Profitant de leur congrès annuel, l’Association des micro-brasseries du Québec a lancé un cri du cœur afin que le gouvernement modifie rapidement la réglementation, pour permettre l’expansion de l’industrie au Québec.

« Québec doit se doter d’une politique brassicole comprenant une politique entrepreneuriale en faveur des PME brassicoles », a insisté Jean-Pierre Tremblay, directeur général de l’Association des micro-brasseries du Québec (AMBQ).

Un portrait du secteur démontre que depuis 10 ans, les petits brasseurs et ses artisans ont soutenu la création d’emplois partout en région, faisant exploser le nombre d’entreprises de 31 à 119, pendant qu’à la même période, les trois mêmes grandes entreprises brassicoles sont demeurées les mêmes, augmentant même leur concentration.

Rappelons que l’actuelle loi qui régit la Société des alcools du Québec accorde aux grands brasseurs le droit de vendre leur bière aux dépanneurs, épiceries et restaurants, mais l’interdit toujours aux producteurs artisans qui eux, doivent se contenter d’écouler leur production sur place ou dans des salons de dégustation.

Créatrices d’emplois

« Nous demandons d’enlever la restriction de la vente pour emporter », a ajouté Jean-Pierre Tremblay.

L’AMBQ estime que chaque entreprise procure déjà 2,5 emplois directs et que, globalement, c’est 1 000 emplois qui ont fleuri dans les régions depuis leur arrivée sur le marché agroalimentaire.

« Les micro-brasseries ramènent en région des entrepreneurs. Certains jeunes y restent et d’autres s’y installent. Elles ont aussi développé une proximité avec d’autres secteurs, comme les producteurs de céréales et l’agrotourisme. Ce sont des emplois qui génèrent de la valeur ajoutée régionale et qui contribuent à l’occupation du territoire », a ajouté le porte-parole de l’AMBQ.

La menace des bières importées

Avec un volume global de 430 000 hectolitres par année, les micro-brasseries ne se comparent pas aux grands brasseurs, tels les Molson-Labatt, qui produisent 3,8 millions d’hectolitres par année ; une production en décroissance depuis 10 ans. En conséquence, malgré l’engouement des Québécois pour les bières artisanales, les ventes des micro-brasseries ne touchent que 7,1 % du marché.

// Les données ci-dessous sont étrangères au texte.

(* Let $0\le k\le n$, let $\bar g\in G_k$ have type $\boldsymbol\lambda\in\mathcal{P}(\Phi)$, and let $g=\begin{bmatrix}\bar g&0\\0&I_{n-k}\end{bmatrix}\in G_n$. Suppose all parts of the partition $\boldsymbol\lambda^e=\boldsymbol\lambda(t-1)$ are strictly bigger than $1$. Then an $n\times n$ matrix $\begin{bmatrix}A&B\\C&D\end{bmatrix}$ over $\mathbb F_q$, written in $(k\,|\,n-k)$-block form, which commutes with $g$ is invertible if and only if both $A$ and $D$ are invertible.
   Context: $q$ is a prime power, $G_n=GL_n(\mathbb F_q)$. $\Phi$ is the set of monic irreducible polynomials in $\mathbb F_q[t]$ other than $t$; $\mathcal{P}(\Phi)$ is the set of finitely supported maps from $\Phi$ to partitions. The type of $\bar g\in G_k$ is the unique $\boldsymbol\lambda\in\mathcal{P}(\Phi)$ such that $\mathbb F_q^k$, viewed as an $\mathbb F_q[t]$-module with $t$ acting by $\bar g$, is isomorphic to $\bigoplus_{f,i}\mathbb F_q[t]/(f^{\boldsymbol\lambda_i(f)})$, where $\boldsymbol\lambda(f)=(\boldsymbol\lambda_1(f),\boldsymbol\lambda_2(f),\dots)$. *)

From HB Require Import structures.
From mathcomp Require Import all_boot all_order all_algebra all_field.
Set Implicit Arguments. Unset Strict Implicit. Unset Printing Implicit Defensive.
Import Order.TTheory GRing.Theory Num.Theory.
Local Open Scope ring_scope.

Section Types.
Variable F : finFieldType.

Definition in_Phi (f : {poly F}) : Prop :=
  [/\ f \is monic, irreducible_poly f & f != 'X].

Definition is_partition (s : seq nat) : bool :=
  sorted geq s && all (fun m => 0 < m)%N s.

Definition type_blocks (lam : {poly F} -> seq nat) (s : seq {poly F})
  : seq {poly F} :=
  flatten [seq [seq f ^+ m | m <- lam f] | f <- s].

(* the matrix of t acting (on row vectors) on the F[t]-module
   (+)_j F[t]/(ps_j), in the bases 1, t, ..., t^(deg ps_j - 1) *)
Definition blocks_mx (ps : seq {poly F}) :=
  \mxdiag_(i < size ps) companionmx (polyseq ps`_i).

(* gbar (acting on row vectors of F^k) has type lam: lam is a finitely
   supported map Phi -> partitions, and F^k as an F[t]-module (t acting
   by gbar) is isomorphic to (+)_{f,i} F[t]/(f^(lam_i f)). *)
Definition has_type (k : nat) (gbar : 'M[F]_k) (lam : {poly F} -> seq nat)
  : Prop :=
  [/\ forall f, lam f != [::] -> in_Phi f,
      forall f, is_partition (lam f) &
      exists s : seq {poly F},
        [/\ uniq s, forall f, lam f != [::] -> f \in s &
          exists P : 'M[F]_(\sum_(i < size (type_blocks lam s))
                               (size (polyseq (type_blocks lam s)`_i)).-1, k),
            [/\ row_free P, row_full P &
                blocks_mx (type_blocks lam s) *m P = P *m gbar]]].

End Types.

(* The property of [gbar] that matters is that every row vector it fixes is
   orthogonal to every column vector it fixes.  This property survives
   similarity and block-diagonal sums, so by the type hypothesis it suffices
   to check it on the companion matrix C of each elementary divisor p = f^m.
   If p(1) <> 0 then 1 is not an eigenvalue of C.  Otherwise f = t - 1 and
   m > 1, so p'(1) = 0 as well; the columns fixed by C are the constant ones,
   and p'(1) = 0 puts the constant column in the image of C - 1, which every
   fixed row annihilates.
   Commuting with diag(gbar, 1) means that gbar fixes the columns of B and the
   rows of C, hence C X = 0 whenever gbar fixes the columns of X.  If M is
   invertible, this applies to the blocks of M^-1 too, and the diagonal blocks
   of M M^-1 = 1 then exhibit inverses of A and D.  Conversely, when A is
   invertible the Schur complement D - C A^-1 B is just D. *)

From mathcomp Require Import all_boot all_order all_algebra all_field.
Import GRing.Theory.
Local Open Scope ring_scope.
Set Implicit Arguments. Unset Strict Implicit.

Definition fixed_orthogonal (F : fieldType) (N : nat) (M : 'M[F]_N) :=
  forall (w : 'rV_N) (v : 'cV_N), w *m M = w -> M *m v = v -> w *m v = 0.

Section Companion.
Variables (F : fieldType) (p : {poly F}).
Local Notation d := (size p).-1.
Local Notation C := (companionmx p).

Lemma companionmx_mulmx_shift (m : nat) (v : 'M[F]_(d, m)) (i : 'I_d)
    (lt_i1_d : (i.+1 < d)%N) :
  row i (C *m v) = row (Ordinal lt_i1_d) v.
Proof. by rewrite !rowE mulmxA mulmx_delta_companion. Qed.

Lemma companionmx_fixed_col (v : 'cV[F]_d) :
  C *m v = v -> exists c, v = c *: const_mx 1.
Proof.
move=> Cv; have [d0|d_gt0] := posnP d.
  by exists 0; apply/matrixP => i; have := ltn_ord i; rewrite {2}d0.
pose i0 : 'I_d := Ordinal d_gt0; exists (v i0 0).
have vi n (lt_n_d : (n < d)%N) : v (Ordinal lt_n_d) 0 = v i0 0.
  elim: n lt_n_d => [|n IHn] lt_n_d; first by congr (v _ 0); apply: val_inj.
  have lt_n_d' := ltnW lt_n_d.
  have := companionmx_mulmx_shift v (i:=Ordinal lt_n_d') lt_n_d.
  by rewrite Cv -IHn => /rowP/(_ 0); rewrite !mxE => <-.
apply/matrixP => i j; rewrite (ord1 j) !mxE mulr1.
by rewrite -(vi i (ltn_ord i)); congr (v _ 0); apply: val_inj.
Qed.

Lemma companionmx_mulmx_last (v : 'cV[F]_d) (i : 'I_d) :
  i = d.-1 :> nat -> (C *m v) i 0 = - \sum_(j < d) p`_j * v j 0.
Proof.
move=> last_i; rewrite mxE -sumrN.
by apply: eq_bigr => j _; rewrite mxE last_i eqxx mulNr.
Qed.

Lemma sum_coef_natmul_monic :
  p \is monic -> \sum_(j < d) p`_j *+ j = p^`().[1] - d%:R.
Proof.
move=> monic_p; have size_p : size p = d.+1.
  by rewrite prednK // size_poly_gt0 monic_neq0.
have deriv1 : p^`().[1] = \sum_(j < d) p`_j.+1 *+ j.+1.
  rewrite (horner_coef_wide 1 (n := d)); last first.
    by rewrite -ltnS -size_p lt_size_deriv ?monic_neq0.
  by apply: eq_bigr => j _; rewrite expr1n mulr1 coef_deriv.
have lead_p : p`_d = 1 by move/monicP: monic_p; rewrite /lead_coef size_p.
have sum_recr : \sum_(j < d.+1) p`_j *+ j = \sum_(j < d) p`_j *+ j + d%:R.
  by rewrite big_ord_recr /= lead_p.
have sum_recl : \sum_(j < d.+1) p`_j *+ j = p^`().[1].
  by rewrite big_ord_recl mulr0n add0r deriv1.
by rewrite -sum_recl sum_recr addrK.
Qed.

Lemma companionmx_subr1_ramp :
  p \is monic -> p^`().[1] = 0 -> (C - 1%:M) *m \col_(i < d) i%:R = const_mx 1.
Proof.
move=> monic_p deriv1; apply/colP => i; set z := \col_(i < d) i%:R.
have -> : ((C - 1%:M) *m z) i 0 = (C *m z) i 0 - i%:R.
  by rewrite mulmxBl mul1mx !mxE.
have [lt_i1_d|] := ltnP i.+1 d.
  have := companionmx_mulmx_shift z lt_i1_d.
  by move/rowP/(_ 0); rewrite !mxE => ->; rewrite /= -addn1 natrD addrAC subrr add0r.
have d_gt0 : (0 < d)%N by apply: leq_ltn_trans (ltn_ord i).
move=> le_d_i1; have last_i : i = d.-1 :> nat.
  by apply/eqP; rewrite eqn_leq -ltnS prednK // ltn_ord -ltnS prednK.
rewrite companionmx_mulmx_last // last_i.
under eq_bigr do rewrite mxE mulr_natr.
rewrite sum_coef_natmul_monic // deriv1 sub0r opprK.
by rewrite -{1}(prednK d_gt0) -addn1 natrD addrAC subrr add0r mxE.
Qed.

Lemma companionmx_fixed_orthogonal :
  p \is monic -> (p.[1] = 0 -> p^`().[1] = 0) -> fixed_orthogonal C.
Proof.
move=> monic_p root1_deriv w v wC Cv.
have [root1|nroot1] := eqVneq p.[1] 0.
  have [c ->] := companionmx_fixed_col Cv.
  rewrite -(companionmx_subr1_ramp monic_p (root1_deriv root1)) scalemxAr.
  by rewrite mulmxA mulmxBr wC mulmx1 subrr mul0mx.
suff -> : w = 0 by rewrite mul0mx.
apply/eqP; apply: contraNT nroot1 => nz_w.
rewrite -/(root p 1) -[p in root p](companionmxK monic_p) -eigenvalue_root_char.
by apply/eigenvalueP; exists w; rewrite ?scale1r.
Qed.
End Companion.

Lemma fixed_orthogonal_mxdiag (F : fieldType) (N : nat) (p_ : 'I_N -> nat)
    (B_ : forall i, 'M[F]_(p_ i)) :
  (forall i, fixed_orthogonal (B_ i)) -> fixed_orthogonal (\mxdiag_i B_ i).
Proof.
move=> fixB w v wB Bv; rewrite -(submxrowK w) -(submxcolK v) in wB Bv *.
rewrite mul_mxrow_mxcol big1 // => i _; apply: fixB.
  by move: wB; rewrite mul_mxrow_mxdiag => /eq_mxrowP/(_ i).
by move: Bv; rewrite mul_mxdiag_mxcol => /eq_mxcolP/(_ i).
Qed.

Lemma fixed_orthogonal_similar (F : fieldType) (N k : nat) (J : 'M[F]_N)
    (P : 'M[F]_(N, k)) (g : 'M[F]_k) :
  row_free P -> row_full P -> J *m P = P *m g ->
  fixed_orthogonal J -> fixed_orthogonal g.
Proof.
move=> freeP fullP JP fixJ w v wg gv.
have wP : w = (w *m pinvmx P) *m P by rewrite mulmxKpV // submx_full.
rewrite wP -mulmxA; apply: fixJ; last by rewrite mulmxA JP -mulmxA gv.
by apply: (row_free_inj freeP); rewrite -mulmxA JP mulmxA -wP.
Qed.

Lemma fixed_orthogonal_mx (F : fieldType) (k a b : nat) (g : 'M[F]_k)
    (Y : 'M[F]_(b, k)) (X : 'M[F]_(k, a)) :
  fixed_orthogonal g -> Y *m g = Y -> g *m X = X -> Y *m X = 0.
Proof.
move=> fixg Yg gX; apply/matrixP => i j.
have /matrixP/(_ 0 0) : row i Y *m col j X = 0.
  by apply: fixg; rewrite ?colE ?mulmxA ?gX // -row_mul Yg.
rewrite !mxE => YX.
by rewrite -[RHS]YX; apply: eq_bigr => l _; rewrite !mxE.
Qed.

Lemma in_Phi_root1 (F : finFieldType) (f : {poly F}) :
  in_Phi f -> root f 1 -> f = 'X - 1.
Proof.
case=> monic_f irr_f _ root1; have : 'X - 1%:P %| f by rewrite dvdp_XsubCl.
case/(irredp_XsubCP irr_f) => [/eqp_size|]; first by rewrite size_XsubC size_poly1.
by rewrite -polyC1 eqp_monic ?monicXsubC // => /eqP.
Qed.

Lemma horner_deriv_exp_root (R : comNzRingType) (f : {poly R}) (x : R) (m : nat) :
  root f x -> (1 < m)%N -> (f ^+ m)^`().[x] = 0.
Proof.
move=> /eqP fx0 lt1m; rewrite deriv_exp hornerMn hornerM horner_exp fx0.
by rewrite -(subnKC lt1m) expr0n mulr0 mul0rn.
Qed.

Lemma type_block_root1_deriv (F : finFieldType) (f : {poly F}) (m : nat) :
  in_Phi f -> (0 < m)%N -> (f = 'X - 1 -> (1 < m)%N) ->
  (f ^+ m).[1] = 0 -> (f ^+ m)^`().[1] = 0.
Proof.
move=> Phi_f m_gt0 unipotent_m; rewrite horner_exp => /eqP.
rewrite expf_eq0 m_gt0 /= => root1.
apply: horner_deriv_exp_root (root1) _.
exact/unipotent_m/(in_Phi_root1 Phi_f root1).
Qed.

Lemma has_type_fixed_orthogonal (F : finFieldType) (k : nat) (gbar : 'M[F]_k)
    (lam : {poly F} -> seq nat) :
  has_type gbar lam -> all (fun m => 1 < m)%N (lam ('X - 1)) ->
  fixed_orthogonal gbar.
Proof.
case=> Phi_lam part_lam [s [_ _ [P [freeP fullP blocksP]]]] unipotent_lam.
apply: (fixed_orthogonal_similar freeP fullP blocksP).
apply: fixed_orthogonal_mxdiag => i.
have := mem_nth 0 (ltn_ord i).
case/flattenP => _ /mapP [f _ ->] /mapP [m lam_f_m ->].
have Phi_f : in_Phi f by apply: Phi_lam; apply: contraTneq lam_f_m => ->.
apply: companionmx_fixed_orthogonal.
  by case: Phi_f => monic_f _ _; apply: monic_exp.
apply: type_block_root1_deriv Phi_f _ _.
  by move/andP: (part_lam f) => [_ /allP]; apply.
by move=> Xsub1_f; apply: (allP unipotent_lam); rewrite -Xsub1_f.
Qed.

Lemma comm_mx_invmx (R : comUnitRingType) (n : nat) (A g : 'M[R]_n) :
  A \in unitmx -> comm_mx A g -> comm_mx (invmx A) g.
Proof.
move=> unitA Ag; rewrite /comm_mx -[LHS]mulmx1 -(mulmxV unitA) !mulmxA.
by rewrite -(mulmxA _ g) -Ag mulmxA mulVmx // mul1mx.
Qed.

Lemma comm_block_diag1 (R : pzRingType) (k l : nat) (g A : 'M[R]_k)
    (B : 'M[R]_(k, l)) (C : 'M[R]_(l, k)) (D : 'M[R]_l) :
  comm_mx (block_mx A B C D) (block_mx g 0 0 1%:M) ->
  [/\ comm_mx A g, g *m B = B & C *m g = C].
Proof.
rewrite /comm_mx !mulmx_block => /eq_block_mx [AgA BB CC _].
move: AgA BB CC; rewrite !mulmx0 !mul0mx !addr0 !add0r mulmx1 mul1mx.
by move=> -> <- ->.
Qed.

Lemma unitmx_block_offdiag0 (R : comUnitRingType) (k l : nat) (A A' : 'M[R]_k)
    (B B' : 'M[R]_(k, l)) (C C' : 'M[R]_(l, k)) (D D' : 'M[R]_l) :
  block_mx A B C D *m block_mx A' B' C' D' = 1%:M ->
  C *m B' = 0 -> C' *m B = 0 -> (A \in unitmx) && (D \in unitmx).
Proof.
rewrite mulmx_block (scalar_mx_block k l) => /eq_block_mx [AA' _ _ DD'] CB' C'B.
apply/andP; split; last by move: DD'; rewrite CB' add0r => /mulmx1_unit [].
suff /mulmx1_unit [] : A *m (A' *m (1%:M + B *m C')) = 1%:M by [].
rewrite mulmxA (_ : A *m A' = 1%:M - B *m C'); last by rewrite -AA' addrK.
rewrite mulmxBl mul1mx mulmxDr mulmx1 -!mulmxA (mulmxA C') C'B.
by rewrite mul0mx mulmx0 addr0 addrK.
Qed.

Lemma unitmx_block_schur0 (R : comUnitRingType) (k l : nat) (A : 'M[R]_k)
    (B : 'M[R]_(k, l)) (C : 'M[R]_(l, k)) (D : 'M[R]_l) :
  A \in unitmx -> D \in unitmx -> C *m invmx A *m B = 0 ->
  block_mx A B C D \in unitmx.
Proof.
move=> unitA unitD CAB.
have : block_mx A B C D *m block_mx 1%:M (- invmx A *m B) 0 1%:M = block_mx A 0 C D.
  rewrite mulmx_block !mulmx0 !addr0 !mulmx1 mulNmx !mulmxN !mulmxA CAB oppr0 add0r.
  by rewrite mulmxV // mul1mx addNr.
move/(congr1 determinant); rewrite det_mulmx det_ublock !det1 !mulr1 det_lblock.
by rewrite unitmxE => ->; rewrite unitrM -!unitmxE unitA unitD.
Qed.

Lemma unitmx_comm_block_diag1 (F : fieldType) (k l : nat) (g A : 'M[F]_k)
    (B : 'M[F]_(k, l)) (C : 'M[F]_(l, k)) (D : 'M[F]_l) :
  fixed_orthogonal g -> comm_mx (block_mx A B C D) (block_mx g 0 0 1%:M) ->
  (block_mx A B C D \in unitmx) = (A \in unitmx) && (D \in unitmx).
Proof.
move=> fixg commM; have [Ag gB Cg] := comm_block_diag1 commM.
apply/idP/andP => [unitM | [unitA unitD]].
  set N := invmx (block_mx A B C D).
  have := comm_mx_invmx unitM commM; rewrite -/N -[N]submxK.
  case/comm_block_diag1 => _ gB' C'g; apply/andP.
  apply: (@unitmx_block_offdiag0 _ _ _ A (ulsubmx N) B (ursubmx N)
                                  C (dlsubmx N) D (drsubmx N)).
  - by rewrite submxK mulmxV.
  - exact: fixed_orthogonal_mx fixg Cg gB'.
  - exact: fixed_orthogonal_mx fixg C'g gB.
apply: unitmx_block_schur0 => //; rewrite -mulmxA.
apply: fixed_orthogonal_mx fixg Cg _.
by rewrite mulmxA -(comm_mx_invmx unitA Ag) -mulmxA gB.
Qed.

Unset Implicit Arguments.

Theorem corollary2p7 (F : finFieldType) (k n : nat) (Hkn : (k <= n)%N)
  (gbar : 'M[F]_k) (lam : {poly F} -> seq nat) :
  gbar \in unitmx ->
  has_type gbar lam ->
  all (fun m => 1 < m)%N (lam ('X - 1)) ->
  forall (A : 'M[F]_k) (B : 'M[F]_(k, n - k)) (C : 'M[F]_(n - k, k))
         (D : 'M[F]_(n - k)),
    let g := block_mx gbar 0 0 (1%:M : 'M[F]_(n - k)) in
    let M := block_mx A B C D in
    M *m g = g *m M ->
    (M \in unitmx <-> (A \in unitmx) /\ (D \in unitmx)).
Proof.
move=> _ type_gbar unipotent A B C D g M commM.
have fixg := has_type_fixed_orthogonal type_gbar unipotent.
by rewrite (unitmx_comm_block_diag1 fixg commM); split=> /andP.
Qed.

Ce qui inquiète l’AMBQ n’est pas tant la faible place que ses entreprises occupent dans le marché que la tendance forte des grands brasseurs à importer plus de bières étrangères et canadiennes, de préférence à augmenter leur propre production.

En 1992, 100 % de la consommation de bière était brassée au Québec. Aujourd’hui, c’est 40 % des bières vendues en épicerie et dépanneur qui proviennent d’ailleurs. Pour les micro-brasseurs, cette réalité augmente le risque de la survie des grands brasseurs, qui tendent à suivre le mouvement de concentration mondiale. Ils soupçonnent que l’augmentation des importations soit une stratégie des grands brasseurs pour contrer l’expansion des micro-brasseries.

« On sait que les grands brasseurs et les grandes chaînes de distribution passent des ententes entre leurs sièges sociaux. Si ces derniers sont situés à l’étranger, c’est la prise de décision qui s’éloigne des Québécois et qui ne nous favorise pas du tout. On a un gros problème avec ça », a conclu Jean-Pierre Tremblay.